The content item may be a first content item, and the plurality of segments may be a first plurality of segments. At a third time, a second content item comprising a second plurality of segments may be received. The third time may be between the first time and the second time, the second plurality of segments may correspond to the first plurality of segments, and at least a subset of segments of the second plurality of segments may be of a higher quality than the corresponding segments of the first plurality of segments. Processing the first segment to improve the quality of the first segment may comprise determining whether a difference between the quality of the first segment and the corresponding segment in the second plurality of segments is above or below a threshold value. If the difference in quality is below a threshold value, the first segment may be characterized, a trained neural network may be identified based on the characterization of the first segment, and the first segment may be processed with the identified neural network.
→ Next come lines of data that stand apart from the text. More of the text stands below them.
Lemma entry_pt_S r k x y :
  in_square r (S k) (x, y) -> x = spos r k \/ y = 0 -> entry_pt r (S k) (x, y).
Proof. intros. split; [assumption|]. now rewrite Nat.sub_succ, Nat.sub_0_r. Qed.

Lemma exit_pt_S r k x y :
  in_square r (S k) (x, y) -> x = spos r (S k) \/ y = r ^ k -> exit_pt r (S k) (x, y).
Proof. intros. split; [assumption|]. now rewrite len_S. Qed.

Lemma piece_index_cases (P : nat -> Prop) :
  P O -> (forall k, P (S (2 * k))) -> (forall k, P (S (2 * k + 1))) -> forall n, P n.
Proof.
  intros H0 Heven Hodd [|m]; [assumption|].
  destruct (Nat.Even_or_Odd m) as [[k ->] | [k ->]]; auto.
Qed.

#[local] Hint Rewrite Nat.div2_double Nat.div2_odd' Nat.even_even Nat.even_odd : parity.

Section ArmadilloConnection.

Variables r sigma : R.
Hypothesis hr : 0 < r < 1.
Hypothesis sigma_inv : sigma * (2 - r) = 1.

Lemma sigma_between : r < sigma < 1.
Proof. split; nra. Qed.

(* Piece 0 crosses square 1 from the origin; pieces 2k+1 (from the left edge
   to the top edge) and 2k+2 (from the bottom edge to the right edge) cross
   square k+1. *)
Definition conn_sq (n : nat) : nat :=
  match n with O => 1%nat | S m => S (Nat.div2 m) end.

Definition conn_start (n : nat) : R * R :=
  match n with
  | O => (0, 0)
  | S m => let k := Nat.div2 m in
      if Nat.even m then (spos r k, sigma * r ^ k)
      else (spos r k + (1 - r) * r ^ k, 0)
  end.

Definition conn_time (n : nat) : R :=
  match n with
  | O => 1
  | S m => let k := Nat.div2 m in
      if Nat.even m then (1 - r) * r ^ k else r ^ S k
  end.

Definition conn_tail (n : nat) : R :=
  match n with
  | O => 1 + / (1 - r)
  | S m => let k := Nat.div2 m in
      if Nat.even m then r ^ k / (1 - r) else r ^ S k + r ^ S k / (1 - r)
  end.

Lemma conn_time_telescopes n : conn_time n = conn_tail n - conn_tail (S n).
Proof.
  induction n as [|k|k] using piece_index_cases; unfold conn_time, conn_tail.
  - simpl. field. lra.
  - replace (S (2 * k)) with (2 * k + 1)%nat by lia.
    autorewrite with parity. simpl. field. lra.
  - replace (S (2 * k + 1)) with (2 * S k)%nat by lia.
    autorewrite with parity. simpl. field. lra.
Qed.

Lemma conn_tail_nonneg n : 0 <= conn_tail n.
Proof.
  assert (0 < / (1 - r)) by (apply Rinv_0_lt_compat; lra).
  induction n as [|k|k] using piece_index_cases; unfold conn_tail, Rdiv;
    autorewrite with parity; [lra | ..];
    pose proof (pow_lt r k (proj1 hr)); pose proof (pow_lt r (S k) (proj1 hr)); nra.
Qed.

Lemma conn_crossing n : square_crossing r sigma (conn_sq n) (conn_start n) (conn_time n).
Proof.
  pose proof sigma_between.
  induction n as [|k|k] using piece_index_cases;
    unfold square_crossing, conn_sq, conn_start, conn_time, dir, pt_move;
    autorewrite with parity; cbn [fst snd].
  - pose proof (in_square_S r O) as Hin. rewrite spos_S in Hin. cbn [spos pow] in Hin.
    split; [lra | split; [|split]].
    + intros s Hs. apply Hin; nra.
    + apply entry_pt_S; [apply Hin|]; lra.
    + apply exit_pt_S; [apply Hin; lra | left; cbn; lra].
  - pose proof (pow_lt r k (proj1 hr)).
    assert (Hscale : sigma * (2 - r) * r ^ k = r ^ k) by (rewrite sigma_inv; ring).
    split; [nra | split; [|split]].
    + intros s Hs. apply in_square_S; rewrite ?spos_S; nra.
    + apply entry_pt_S; [apply in_square_S; rewrite ?spos_S; nra | now left].
    + apply exit_pt_S; [apply in_square_S; rewrite ?spos_S; nra | right; nra].
  - pose proof (pow_lt r k (proj1 hr)).
    assert (Hscale : sigma * (2 - r) * r ^ k = r ^ k) by (rewrite sigma_inv; ring).
    cbn [pow].
    split; [nra | split; [|split]].
    + intros s Hs. apply in_square_S; rewrite ?spos_S; nra.
    + apply entry_pt_S; [apply in_square_S; rewrite ?spos_S; nra | now right].
    + apply exit_pt_S; [apply in_square_S; rewrite ?spos_S; nra | left; rewrite spos_S; ring].
Qed.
If the difference in quality is above a threshold value, the corresponding segment in the second plurality of segments may be identified, it may be identified that the corresponding segment is of a higher quality than the first segment, and the first segment may be replaced with the higher-quality corresponding segment.

A manifest file may be generated based on the plurality of segments of the content item, and it may be identified that a difference in quality between the first segment and the improved-quality first segment is above a threshold value. The manifest file may be updated to refer to the improved-quality first segment. Improving the quality of the first segment may comprise improving the quality of audio and video components of the first segment.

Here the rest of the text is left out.